[Stored items]
▽

Lemma hoelder_dot p y D : (1 <= p)%E -> dot y D <= pnorm p D * pnorm (dual p) y.
Proof.
case: p => [r r_ge1| _|//].
- rewrite dotC; apply: le_trans (ler_dot_sum_norm _ _) _.
  have [->|r_neq1] := eqVneq r 1.
    by rewrite pnorm1 /dual eqxx; exact: ler_sum_norm_maxI.
  have r_gt1 : 1 < r by rewrite lt_def r_neq1 -lee_fin.
  rewrite dual_EFin //; apply: hoelder_sum (conjexp_invD r_gt1).
    exact: lt_trans ltr01 r_gt1.
  exact: lt_trans ltr01 (conjexp_gt1 r_gt1).
- rewrite [dual _]/= pnorm1 mulrC; apply: le_trans (ler_dot_sum_norm _ _) _.
  exact: ler_sum_norm_maxI.
Qed.

Lemma hoelder_attained p y delta : (1 <= p)%E -> 0 <= delta ->
  exists D, pnorm p D <= delta /\ dot y D = delta * pnorm (dual p) y.
Proof.
move=> + delta_ge0; case: p => [r r_ge1| _|//].
- have [->|r_neq1] := eqVneq r 1; last first.
    have r_gt1 : 1 < r by rewrite lt_def r_neq1 -lee_fin.
    by rewrite dual_EFin //; exact: hoelder_attained_conj.
  have [k [ymax _]] := maxI_argmax (fun i => `|y i|) n_gt0.
  exists (fun j => delta * Num.sg (y k) * Defs.basis R k j); split.
    rewrite pnorm1 (big_only1 k) // => [|j jk _].
      by rewrite /Defs.basis eqxx mulr1 normr_mulr_sg.
    by rewrite /Defs.basis eq_sym (negbTE jk) mulr0 normr0.
  rewrite /dual eqxx /= ymax /dot (big_only1 k) // => [|j jk _].
    by rewrite /Defs.basis eqxx mulr1 mulrC -mulrA -normrEsg.
  by rewrite /Defs.basis eq_sym (negbTE jk) !mulr0.
- exists (fun j => delta * Num.sg (y j)); split.
    rewrite /=; have [k [-> _]] := maxI_argmax (fun j => `|delta * Num.sg (y j)|) n_gt0.
    exact: normr_mulr_sg.
  rewrite [dual _]/= pnorm1 /dot mulr_sumr; apply: eq_bigr => j _.
  by rewrite mulrC -mulrA -normrEsg.
Qed.

End HoelderExtended.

△

§ THE PROBLEM:
Quote, word for word, every line starting at the one that contains "Lemma hoelder_attained p" and ending with the final line of the entries.

§ TASK RESULT:
Lemma hoelder_attained p y delta : (1 <= p)%E -> 0 <= delta ->
  exists D, pnorm p D <= delta /\ dot y D = delta * pnorm (dual p) y.
Proof.
move=> + delta_ge0; case: p => [r r_ge1| _|//].
- have [->|r_neq1] := eqVneq r 1; last first.
    have r_gt1 : 1 < r by rewrite lt_def r_neq1 -lee_fin.
    by rewrite dual_EFin //; exact: hoelder_attained_conj.
  have [k [ymax _]] := maxI_argmax (fun i => `|y i|) n_gt0.
  exists (fun j => delta * Num.sg (y k) * Defs.basis R k j); split.
    rewrite pnorm1 (big_only1 k) // => [|j jk _].
      by rewrite /Defs.basis eqxx mulr1 normr_mulr_sg.
    by rewrite /Defs.basis eq_sym (negbTE jk) mulr0 normr0.
  rewrite /dual eqxx /= ymax /dot (big_only1 k) // => [|j jk _].
    by rewrite /Defs.basis eqxx mulr1 mulrC -mulrA -normrEsg.
  by rewrite /Defs.basis eq_sym (negbTE jk) !mulr0.
- exists (fun j => delta * Num.sg (y j)); split.
    rewrite /=; have [k [-> _]] := maxI_argmax (fun j => `|delta * Num.sg (y j)|) n_gt0.
    exact: normr_mulr_sg.
  rewrite [dual _]/= pnorm1 /dot mulr_sumr; apply: eq_bigr => j _.
  by rewrite mulrC -mulrA -normrEsg.
Qed.

End HoelderExtended.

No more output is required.